Activity
Copy every line that contains the string "split" from the entries below.

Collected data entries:
■ ■ ■ ■

Lemma fratio_bound z m : Cmod z <= 1 -> Cmod (fratio q z m) <= K * s ^ m * Cmod z.
Proof.
  intro Hz. assert (r0 := Cmod_ge_0 q). assert (r1 := hq). fold r in r0, r1.
  destruct s_bounds as [rs [s0 s1]].
  assert (Hq2 : Cmod (q ^ 2)%C = r * r) by (rewrite Cmod_pow; unfold r; ring).
  assert (HX : Cmod ((q ^ 2) ^ m)%C <= s ^ m).
  { rewrite Cmod_pow, Hq2. apply pow_incr. split; nra. }
  assert (HX1 : Cmod ((q ^ 2) ^ m)%C <= 1) by auto with cmod.
  assert (HX0 := Cmod_ge_0 ((q ^ 2) ^ m)%C). assert (Hz0 := Cmod_ge_0 z).
  assert (Hnum : Cmod (1 + q * (q ^ 2) ^ m)%C <= 2).
  { eapply Rle_trans; [apply Cmod_triangle|]. rewrite Cmod_1, Cmod_mult. fold r. nra. }
  assert (Hden1 : 1 - r <= Cmod (1 - q ^ 2 * (q ^ 2) ^ m)%C).
  { eapply Rle_trans; [|apply Cmod_one_sub_ge]. rewrite Cmod_mult, Hq2.
    assert (r * r * Cmod ((q ^ 2) ^ m)%C <= r * r * 1) by (apply Rmult_le_compat_l; nra).
    assert (r * r <= r * 1) by (apply Rmult_le_compat_l; lra). lra. }
  assert (Hden2 : 1 - r <= Cmod (1 + q * z * (q ^ 2) ^ m)%C).
  { eapply Rle_trans; [|apply Cmod_one_add_ge]. rewrite !Cmod_mult. fold r.
    assert (Cmod z * Cmod ((q ^ 2) ^ m)%C <= 1) by nra. nra. }
  unfold fratio. rewrite Cmod_div by (apply Cmult_neq_0; apply C_neq0_of_Cmod; lra).
  rewrite !Cmod_mult, Cmod_opp. unfold K, Rdiv.
  replace (2 * / ((1 - r) * (1 - r)) * s ^ m * Cmod z)
    with ((2 * s ^ m * Cmod z) * / ((1 - r) * (1 - r))) by ring.
  apply Rmult_le_compat.
  - repeat apply Rmult_le_pos; apply Cmod_ge_0.
  - left. apply Rinv_0_lt_compat, Rmult_lt_0_compat; lra.
  - apply Rmult_le_compat; try nra. apply Rmult_le_pos; apply Cmod_ge_0.
  - apply Rinv_le_contravar; [nra|]. apply Rmult_le_compat; lra.
Qed.

Fixpoint majorant (m : nat) : R :=
  match m with O => K | S m => majorant m * (K * s ^ S m) end.

Lemma majorant_pos m : 0 < majorant m.
Proof.
  destruct s_bounds as [_ [s0 _]]. assert (HK := K_pos).
  induction m as [|m IH]; [exact HK|]. simpl majorant.
  apply Rmult_lt_0_compat; [exact IH|].
  apply Rmult_lt_0_compat; [exact HK|]. apply (pow_lt s (S m) s0).
Qed.

Lemma ex_series_majorant : ex_series majorant.
Proof.
  destruct s_bounds as [_ [s0 s1]].
  apply (ex_series_ext (fun n => Rabs (majorant n))).
  { intro n. apply Rabs_pos_eq. left. apply majorant_pos. }
  apply (ex_series_DAlembert majorant 0); [lra| intro n; apply Rgt_not_eq, majorant_pos|].
  apply (is_lim_seq_ext (fun n => (K * s) * s ^ n)).
  { intro n. rewrite Rabs_pos_eq by (left; apply Rdiv_lt_0_compat; apply majorant_pos).
    assert (H := majorant_pos n). cbn [majorant pow]. field. lra. }
  replace (Finite 0) with (Rbar_mult (K * s) 0) by (simpl; f_equal; ring).
  apply is_lim_seq_scal_l, is_lim_seq_geom. rewrite Rabs_pos_eq; lra.
Qed.

Lemma fterm_bound z m : Cmod z <= 1 -> Cmod (fterm q z (S m)) <= Cmod z * majorant m.
Proof.
  intro Hz. assert (Hz0 := Cmod_ge_0 z). assert (HK := K_pos).
  destruct s_bounds as [_ [s0 _]].
  induction m as [|m IH].
  - simpl fterm. rewrite Cmult_1_l. eapply Rle_trans; [apply fratio_bound, Hz|]. simpl. lra.
  - change (fterm q z (S (S m))) with (fterm q z (S m) * fratio q z (S m))%C. rewrite Cmod_mult.
    eapply Rle_trans.
    { apply Rmult_le_compat; try apply Cmod_ge_0; [exact IH|apply fratio_bound, Hz]. }
    change (majorant (S m)) with (majorant m * (K * s ^ S m)).
    assert (H := majorant_pos m).
    assert (0 <= K * s ^ S m) by (apply Rmult_le_pos; [lra|apply pow_le; lra]).
    assert (Cmod z * majorant m * (K * s ^ S m) * Cmod z
            <= Cmod z * majorant m * (K * s ^ S m) * 1).
    { apply Rmult_le_compat_l; [|exact Hz]. apply Rmult_le_pos; [apply Rmult_le_pos|]; lra. }
    lra.
Qed.

End Majorant.

Section FunctionalEquation.

Variable q : C.
Hypothesis hq : Cmod q < 1.

Lemma fpart_SS z n :
  fpart q z (S (S n)) = (1 + sum_n (fun m => fterm q z (S m)) n)%C.
Proof.
  induction n as [|n IH].
  - rewrite sum_O. simpl. change (0 + 1 + 1 * fratio q z 0 = 1 + 1 * fratio q z 0)%C. ring.
  - change (fpart q z (S (S (S n)))) with (fpart q z (S (S n)) + fterm q z (S (S n)))%C.
    rewrite IH, sum_Sn. change (1 + sum_n (fun m => fterm q z (S m)) n + fterm q z (S (S n))
      = 1 + (sum_n (fun m => fterm q z (S m)) n + fterm q z (S (S n))))%C. ring.
Qed.

Lemma fpart_cv z : Cmod z <= 1 ->
  exists l : C, Ccv (fpart q z) l /\ Cmod (l - 1)%C <= Cmod z * Series (majorant q).
Proof.
  intro Hz. set (a m := fterm q z (S m)).
  assert (Ha : forall m, Cmod (a m) <= Cmod z * majorant q m) by (intro m; now apply fterm_bound).
  assert (Hmaj := ex_series_majorant q hq).
  destruct (ex_series_le (V := C_CompleteNormedModule) a (fun m => Cmod z * majorant q m) Ha)
    as [la Hla]; [exact (ex_series_scal_l (Cmod z) (majorant q) Hmaj)|].
  exists (1 + la)%C. split.
  - apply Ccv_shift, Ccv_shift, (Ccv_ext (fun n => 1 + sum_n a n)%C).
    + intro n. symmetry. apply fpart_SS.
    + apply Ccv_plus; [apply Ccv_const|now apply Ccv_series].
  - replace (1 + la - 1)%C with (la - 0)%C by ring.
    apply (Ccv_dist_le (sum_n a)); [now apply Ccv_series|]. intro n.
    assert (Hsub0 : forall x : C, (x - 0)%C = x) by (intro x; ring). rewrite Hsub0.
    eapply Rle_trans; [apply (norm_sum_n_m (V := C_NormedModule) a 0 n)|].
    eapply Rle_trans; [apply (sum_n_m_le _ (fun m => Cmod z * majorant q m)), Ha|].
    change (sum_n (fun m => Cmod z * majorant q m) n <= Cmod z * Series (majorant q)).
    rewrite (sum_n_mult_l (K := R_Ring)). apply Rmult_le_compat_l; [apply Cmod_ge_0|].
    apply (is_lim_seq_incr_compare (sum_n (majorant q))); [now apply Series_correct|].
    intro k. rewrite sum_Sn. assert (H := majorant_pos q hq (S k)).
    change (sum_n (majorant q) k <= sum_n (majorant q) k + majorant q (S k)). lra.
Qed.

Lemma fterm_lim z : Cmod z <= 1 -> is_lim_seq (fun m => Cmod (fterm q z m)) 0.
Proof.
  intro Hz. apply is_lim_seq_incr_1.
  apply (is_lim_seq_le_le (fun _ => 0) _ (fun m => Cmod z * majorant q m)).
  - intro m. split; [apply Cmod_ge_0|now apply fterm_bound].
  - apply is_lim_seq_const.
  - replace (Finite 0) with (Rbar_mult (Cmod z) 0) by (simpl; f_equal; ring).
    apply is_lim_seq_scal_l, ex_series_lim_0, ex_series_majorant, hq.
Qed.

Lemma fterm_shift z N : Cmod z <= 1 ->
  fterm q (z * q ^ 2) N
  = (fterm q z N * (q ^ 2) ^ N * (1 + q * z) / (1 + q * z * (q ^ 2) ^ N))%C.
Proof.
  intro Hz. induction N as [|N IH].
  - simpl. field. replace (q * z * 1)%C with (q * z)%C by ring. auto 8 with cmod.
  - cbn [fterm]. rewrite IH. unfold fratio. change ((q ^ 2) ^ S N)%C with (q ^ 2 * (q ^ 2) ^ N)%C.
    field. repeat split; auto 8 with cmod.
Qed.

Lemma fpart_shift z N : Cmod z <= 1 ->
  ((1 + q * z) * fpart q z N - (1 - z) * fpart q (z * q ^ 2) N
   = - (1 - (q ^ 2) ^ N) * (1 + q * z) * fterm q z N)%C.
Proof.
  intro Hz. induction N as [|N IH].
  - simpl. ring.
  - cbn [fpart].
    transitivity (((1 + q * z) * fpart q z N - (1 - z) * fpart q (z * q ^ 2) N)
                  + ((1 + q * z) * fterm q z N - (1 - z) * fterm q (z * q ^ 2) N))%C; [ring|].
    rewrite IH, fterm_shift by exact Hz. cbn [fterm]. unfold fratio.
    change ((q ^ 2) ^ S N)%C with (q ^ 2 * (q ^ 2) ^ N)%C.
    field. repeat split; auto 8 with cmod.
Qed.

(* The finite identity [fpart_shift] passes to the limit because [fterm q z N -> 0]. *)
Lemma fpart_lim_functional_eq z l1 l2 : Cmod z <= 1 ->
  Ccv (fpart q z) l1 -> Ccv (fpart q (z * q ^ 2)) l2 -> ((1 + q * z) * l1 = (1 - z) * l2)%C.
Proof.
  intros Hz H1 H2.
  assert (Hdiff : Ccv (fun N => (1 + q * z) * fpart q z N + (- (1 - z)) * fpart q (z * q ^ 2) N)%C
                      ((1 + q * z) * l1 + (- (1 - z)) * l2)%C).
  { apply Ccv_plus; apply Ccv_mult; try apply Ccv_const; assumption. }
  assert (Hzero : Ccv (fun N => (1 + q * z) * fpart q z N + (- (1 - z)) * fpart q (z * q ^ 2) N)%C
                      (0 : C)).
  { apply (Ccv_zero_le _ (fun N => 4 * Cmod (fterm q z N))).
    - intro N. replace ((1 + q * z) * fpart q z N + - (1 - z) * fpart q (z * q ^ 2) N)%C
        with ((1 + q * z) * fpart q z N - (1 - z) * fpart q (z * q ^ 2) N)%C by ring.
      rewrite fpart_shift by exact Hz. rewrite !Cmod_mult, Cmod_opp.
      assert (HX : Cmod ((q ^ 2) ^ N)%C <= 1) by auto with cmod.
      assert (E1 : Cmod (1 - (q ^ 2) ^ N)%C <= 2).
      { eapply Rle_trans; [apply Cmod_triangle|]. rewrite Cmod_1, Cmod_opp. lra. }
      assert (E2 : Cmod (1 + q * z)%C <= 2).
      { eapply Rle_trans; [apply Cmod_triangle|]. rewrite Cmod_1.
        assert (Cmod (q * z)%C < 1) by auto with cmod. lra. }
      apply Rmult_le_compat_r; [apply Cmod_ge_0|].
      replace 4 with (2 * 2) by ring. apply Rmult_le_compat; try apply Cmod_ge_0; assumption.
    - replace (Finite 0) with (Rbar_mult 4 0) by (simpl; f_equal; ring).
      apply is_lim_seq_scal_l, fterm_lim, Hz. }
  assert (E := Ccv_unique _ _ _ Hdiff Hzero).
  transitivity ((1 + q * z) * l1 + - (1 - z) * l2 + (1 - z) * l2)%C; [ring|].
  rewrite E. ring.
Qed.

End FunctionalEquation.

Fixpoint ratio_prod (q : C) (n : nat) : C :=
  match n with
  | O => 1
  | S n => ratio_prod q n * (1 - q * (q ^ 2) ^ n) / (1 + q * (q * (q ^ 2) ^ n))
  end%C.

Section Iteration.

Variable q : C.
Hypothesis hq : Cmod q < 1.

Lemma ratio_prod_neq0 n : ratio_prod q n <> (0 : C).
Proof.
  induction n as [|n IH]; cbn [ratio_prod].
  - intro E. apply (f_equal fst) in E. simpl in E. lra.
  - apply Cdiv_neq_0; [apply Cmult_neq_0; [exact IH|]|]; auto 8 with cmod.
Qed.

Lemma fpart_lim_iterate (L : C) : Ccv (fpart q q) L ->
  forall n, exists l : C, Ccv (fpart q (q * (q ^ 2) ^ n)) l /\ L = (ratio_prod q n * l)%C.
Proof.
  intros HL n. induction n as [|n [l [Hl E]]].
  - exists L. split; [|simpl; ring].
    apply (Ccv_ext (fpart q q)); [|exact HL]. intro N. now rewrite Cmult_1_r.
  - set (z := (q * (q ^ 2) ^ n)%C).
    assert (Hz : Cmod z <= 1) by (unfold z; auto with cmod).
    destruct (fpart_cv q hq (z * q ^ 2)%C) as [l' [Hl' _]]; [auto with cmod|].
    assert (F := fpart_lim_functional_eq q hq z l l' Hz Hl Hl').
    assert (Ez : (z * q ^ 2)%C = (q * (q ^ 2) ^ S n)%C).
    { unfold z. change ((q ^ 2) ^ S n)%C with (q ^ 2 * (q ^ 2) ^ n)%C. ring. }
    exists l'. split.
    + rewrite <- Ez. exact Hl'.
    + rewrite E. cbn [ratio_prod]. fold z.
      assert (Hnz : (1 + q * z)%C <> (0 : C)) by auto with cmod.
      transitivity (ratio_prod q n * ((1 + q * z) * l) / (1 + q * z))%C; [field; exact Hnz|].
      rewrite F. field. exact Hnz.
Qed.

Lemma fpart_q_lim (L P : C) : Ccv (fpart q q) L -> Ccv (ratio_prod q) P -> L = P.
Proof.
  intros HL HP.
  assert (Hu : Ccv (fun n => L / ratio_prod q n - 1)%C (0 : C)).
  { apply (Ccv_zero_le _ (fun n => Series (majorant q) * Cmod q * (Cmod q ^ 2) ^ n)).
    - intro n. destruct (fpart_lim_iterate L HL n) as [l [Hl E]].
      destruct (fpart_cv q hq (q * (q ^ 2) ^ n)%C) as [l' [Hl' Hb]]; [auto with cmod|].
      rewrite <- (Ccv_unique _ _ _ Hl Hl') in Hb.
      replace (L / ratio_prod q n)%C with l by (rewrite E; field; apply ratio_prod_neq0).
      eapply Rle_trans; [exact Hb|]. rewrite Cmod_mult, !Cmod_pow. right. ring.
    - replace (Finite 0) with (Rbar_mult (Series (majorant q) * Cmod q) 0)
        by (simpl; f_equal; ring).
      apply is_lim_seq_scal_l, is_lim_seq_geom.
      assert (H0 := Cmod_ge_0 q). rewrite Rabs_pos_eq; nra. }
  assert (Hlim := Ccv_mult _ _ _ _ HP (Ccv_plus _ _ _ _ Hu (Ccv_const 1%C))).
  assert (HL' : Ccv (fun n => ratio_prod q n * (L / ratio_prod q n - 1 + 1))%C L).
  { apply (Ccv_ext (fun _ => L)); [|apply Ccv_const]. intro n. field. apply ratio_prod_neq0. }
  rewrite (Ccv_unique _ _ _ HL' Hlim). ring.
Qed.

End Iteration.

Lemma Cpow_double (x : C) (m : nat) : (x ^ (2 * m))%C = (x ^ m * x ^ m)%C.
Proof. replace (2 * m)%nat with (m + m)%nat by lia. apply Cpow_add_r. Qed.

Lemma Cpow_q4 (q : C) (m : nat) : ((q ^ 4) ^ m)%C = ((q ^ 2) ^ m * (q ^ 2) ^ m)%C.
Proof. rewrite <- Cpow_mult_l. f_equal. ring. Qed.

■ ■ ■ ■

Solved problem
  { rewrite Cmod_pow, Hq2. apply pow_incr. split; nra. }
  exists (1 + la)%C. split.
  - intro m. split; [apply Cmod_ge_0|now apply fterm_bound].
    field. repeat split; auto 8 with cmod.
    field. repeat split; auto 8 with cmod.
  - exists L. split; [|simpl; ring].
    exists l'. split.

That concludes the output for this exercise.